Smoking an Opus X Football with Greg Mottola from Cigar Aficionado Magazine at my shop Anniversary party.


----------



## cigarman-cl (Apr 16, 2007)

nice smoke and i like the tats


----------



## kass (May 16, 2007)

Wow, that looks like a hell of a smoke!
Just curious how much they go for?


----------



## boomshay (Apr 30, 2007)

let us know how it was! it looks awesome, any more pics?


----------



## drac (Feb 3, 2004)

Honestly the cigar was not very good, nothing like a normally sized Opus, very mealy and mild, it got soft half way through. As for the cost, well they are very, very rare, I think they go at charity auction for around a grand each.


----------



## ilovecl-cl (Apr 30, 2007)

cool lookin' smoke there!!!


----------



## Marlboro Cigars-cl (Feb 19, 2007)

Pass it this way..
haha..

I'll go long..

haha just kidding..
That is one great looking rarity.


----------



## CHRIS7891011 (Apr 1, 2007)

nice! those look awesome


----------



## Ceedee (Jun 2, 2006)

Nice stuff Drac. Thanks for sharing. I had only seen one other of these smoked. Looked like a real nic-bomb.

CD


----------



## The Korean (Feb 23, 2007)

Thats one cool smoke


----------



## Stogie (Feb 13, 2007)

That looks really cool! Looks like it was a memorable time too!


----------



## Labman (May 27, 2007)

Man...that thing puts the Egg to shame! :whoohoo:


----------



## countnikon (May 10, 2007)

I've seen some pics of those floating around the net.
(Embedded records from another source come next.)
Lemma series_tail_lt_one (a : nat -> R) :
  (forall n, 0 <= a n) -> (exists B, forall N, sum_f_R0 a N <= B) ->
  exists M, forall t L, (M <= t)%nat -> Rlist_sum (map a (seq t L)) < 1.
Proof.
  intros Ha [B HB].
  set (U n := Rlist_sum (map a (seq 0 n))).
  assert (HU : forall n, U (S n) = U n + a n).
  { intro n. unfold U. rewrite seq_S, map_app, Rlist_sum_app. simpl. lra. }
  assert (Hpartial : forall N, U (S N) = sum_f_R0 a N).
  { induction N as [|N IH]; [rewrite HU; unfold U; simpl; lra|].
    rewrite HU, IH. reflexivity. }
  assert (Hgrow : Un_growing U) by (intro n; rewrite HU; specialize (Ha n); lra).
  assert (Hub : has_ub U).
  { exists B. intros x [[|n] ->].
    - specialize (HB 0%nat). specialize (Ha 0%nat). unfold U; simpl in *; lra.
    - rewrite Hpartial. apply HB. }
  destruct (CV_Cauchy U (growing_cv U Hgrow Hub) 1 Rlt_0_1) as [M HM].
  exists M. intros t L Ht.
  assert (Hsplit : U (t + L)%nat = U t + Rlist_sum (map a (seq t L))).
  { unfold U. rewrite seq_app, map_app, Rlist_sum_app. reflexivity. }
  specialize (HM (t + L)%nat t ltac:(lia) ltac:(lia)). unfold R_dist in HM.
  rewrite Hsplit in HM. replace (U t + _ - U t) with (Rlist_sum (map a (seq t L))) in HM by ring.
  eapply Rle_lt_trans; [apply Rle_abs | exact HM].
Qed.

Lemma sum_pow2_over_pow4 N : sum_f_R0 (fun n => INR (2 ^ n) / 2 ^ (n + n)) N <= 2.
Proof.
  assert (Hclosed : sum_f_R0 (fun n => INR (2 ^ n) / 2 ^ (n + n)) N = 2 - (/ 2) ^ N).
  { induction N as [|N IH]; [simpl; lra|].
    rewrite tech5, IH, pow_INR, pow_add, !pow_inv. replace (INR 2) with 2 by (simpl; lra).
    simpl. field. apply pow_nonzero; lra. }
  rewrite Hclosed. pose proof (pow_lt (/ 2) N ltac:(lra)). lra.
Qed.

Section CopySet.
Local Open Scope nat_scope.

(* [Icopy n] is [A_n ∪ B_n] with [A_n = [n², n² + n)] and [B_n = [n² + 3n + 4, (n + 2)²)]; the gap
   between them contains [[n² + n, (n + 1)² + (n + 1))], so every integer lies in such a gap. *)
Definition orig_block (n : nat) : list nat := seq (n * n) n.
Definition copy_block (n : nat) : list nat := seq (n * n + 3 * n + 4) n.
Definition Icopy (n : nat) : list nat := orig_block n ++ copy_block n.

Fixpoint words (n : nat) : list (list bool) :=
  match n with
  | O => [[]]
  | S n => map (cons true) (words n) ++ map (cons false) (words n)
  end.

Definition Jcopy (n : nat) : list (list bool) := map (fun w => w ++ w) (words n).

Lemma length_words n : length (words n) = 2 ^ n.
Proof. induction n as [|n IH]; simpl; auto. rewrite length_app, !length_map, IH. lia. Qed.

Lemma in_words n w : In w (words n) <-> length w = n.
Proof.
  revert w; induction n as [|n IH]; intro w; simpl.
  - split; [intros [<- | []]; reflexivity | destruct w; simpl; [auto | discriminate]].
  - rewrite in_app_iff, !in_map_iff. split.
    + intros [[w' [<- H]] | [w' [<- H]]]; simpl; f_equal; apply IH; auto.
    + destruct w as [|b w]; simpl; [discriminate|]. intro H. injection H as H.
      destruct b; [left | right]; exists w; split; auto; apply IH; auto.
Qed.

Lemma NoDup_words n : NoDup (words n).
Proof.
  induction n as [|n IH]; simpl.
  - repeat constructor. simpl; tauto.
  - apply NoDup_app; try (apply NoDup_map_NoDup_ForallPairs; auto; intros ? ? _ _ H; injection H; auto).
    intros w Hw Hw'. apply in_map_iff in Hw as [? [<- _]]. apply in_map_iff in Hw' as [? [H _]].
    discriminate.
Qed.

Lemma in_Icopy n p :
  In p (Icopy n) <-> n * n <= p < n * n + n \/ n * n + 3 * n + 4 <= p < n * n + 4 * n + 4.
Proof. unfold Icopy, orig_block, copy_block. rewrite in_app_iff, !in_seq. lia. Qed.
Lemma repr_arc (A B : nat -> nat -> R) :
  representable n (fun h => arc_gf (poly2 n A) (poly2 n B) h (t0 h) (t1 h)).
Proof.
  apply (repr_ext _ _ (fun h => sum_tri n (fun i j =>
     B i j * arc_dx i j h (t0 h) (t1 h) - A i j * arc_dy i j h (t0 h) (t1 h)))).
  { intros h _. apply arc_gf_monomials. }
  apply (repr_sum_tri n (fun i j h =>
     B i j * arc_dx i j h (t0 h) (t1 h) - A i j * arc_dy i j h (t0 h) (t1 h))).
  intros i j Hij. apply repr_minus; apply repr_scal; [now apply repr_dx | now apply repr_dy].
Qed.

End Arc.

(* On AB and BC the [dx]-integrals are [I_ij] and [J_ij]; CD and DA are AB and
   BC rotated by [PI], which only changes signs. *)
Lemma Iij_arc_dx i j h : Iij i j h = arc_dx i j h (alpha h) (- alpha h).
Proof.
  apply Rint_is_RInt, (is_RInt_ext (mono_dx i j h)); [|apply is_arc_dx].
  intros t _. unfold mono_dx. simpl. ring.
Qed.

Lemma Jij_arc_dx i j h : Jij i j h = arc_dx i j h (- alpha h) (alpha h - PI).
Proof.
  apply Rint_is_RInt, (is_RInt_ext (mono_dx i j h)); [|apply is_arc_dx].
  intros t _. unfold mono_dx. simpl. ring.
Qed.

Lemma repr_AB n (A B : nat -> nat -> R) :
  representable n (fun h => arc_gf (poly2 n A) (poly2 n B) h (alpha h) (- alpha h)).
Proof.
  apply (repr_arc n _ _ 1 1 1 (-1) ltac:(ring) ltac:(ring) corner_A corner_B).
  intros i j Hij. apply (repr_ext _ _ (Iij i j)).
  - intros. symmetry. apply Iij_arc_dx.
  - now apply repr_I.
Qed.

Lemma repr_BC n (A B : nat -> nat -> R) :
  representable n (fun h => arc_gf (poly2 n A) (poly2 n B) h (- alpha h) (alpha h - PI)).
Proof.
  apply (repr_arc n _ _ 1 (-1) (-1) (-1) ltac:(ring) ltac:(ring) corner_B corner_C).
  intros i j Hij. apply (repr_ext _ _ (Jij i j)).
  - intros. symmetry. apply Jij_arc_dx.
  - now apply repr_J.
Qed.

Lemma repr_CD n (A B : nat -> nat -> R) :
  representable n (fun h => arc_gf (poly2 n A) (poly2 n B) h (alpha h - PI) (- PI - alpha h)).
Proof.
  apply (repr_arc n _ _ (-1) (-1) (-1) 1 ltac:(ring) ltac:(ring) corner_C corner_D).
  intros i j Hij. apply (repr_ext _ _ (fun h => (-1) ^ (i + j + 1) * Iij i j h)).
  - intros h _. rewrite Iij_arc_dx, <- arc_dx_shift_PI. f_equal. ring.
  - now apply repr_scal, repr_I.
Qed.

Lemma repr_DA n (A B : nat -> nat -> R) :
  representable n (fun h => arc_gf (poly2 n A) (poly2 n B) h (- PI - alpha h) (alpha h - 2 * PI)).
Proof.
  apply (repr_arc n _ _ (-1) 1 1 1 ltac:(ring) ltac:(ring) corner_D corner_A').
  intros i j Hij. apply (repr_ext _ _ (fun h => (-1) ^ (i + j + 1) * Jij i j h)).
  - intros h _. rewrite Jij_arc_dx, <- arc_dx_shift_PI. f_equal; ring.
  - now apply repr_scal, repr_J.
Qed.

Theorem lemma2p1 :
  forall (n : nat) (a b : nat -> nat -> nat -> R),
    (1 <= n)%nat ->
    exists (tau sigma : nat -> nat -> R) (phi : nat -> R),
      forall h : R, 0 < h ->
        Melnikov n a b h =
          sum_tri n (fun i j => tau i j * Iij i j h)
          + sum_tri n (fun i j => sigma i j * Jij i j h)
          + sum_f_R0 (fun k => phi k * (uh h) ^ k) (phi_deg n).
Proof.
  intros n a b _.
  change (representable n (Melnikov n a b)). unfold Melnikov.
  repeat apply repr_plus;
    [apply repr_AB | apply repr_BC | apply repr_CD | apply repr_DA].
Qed.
Crazy.


----------



## LouZava (May 25, 2007)

"Party like a Rockstar!!"


----------



## Webmeister (Jun 12, 2007)

Good lord - that thing is a monster!


----------



## JSC (Apr 21, 2007)

Thats one HUGE stogie, how long did it take to smoke????


----------



## drac (Feb 3, 2004)

It took a few hours to smoke.


----------



## DGreekStallion (May 31, 2007)

That's an awesome looking cigar right there.


----------



## TbonePickens (Jun 21, 2007)

I'm impressed by the cigar and the man


----------



## LouZava (May 25, 2007)

I saw you on the CA Mag too, cool.


----------



## CCR (Jun 21, 2007)

oh you liked that huh


----------



## Baby Gorilla (Jun 24, 2007)

Tastes like happy


----------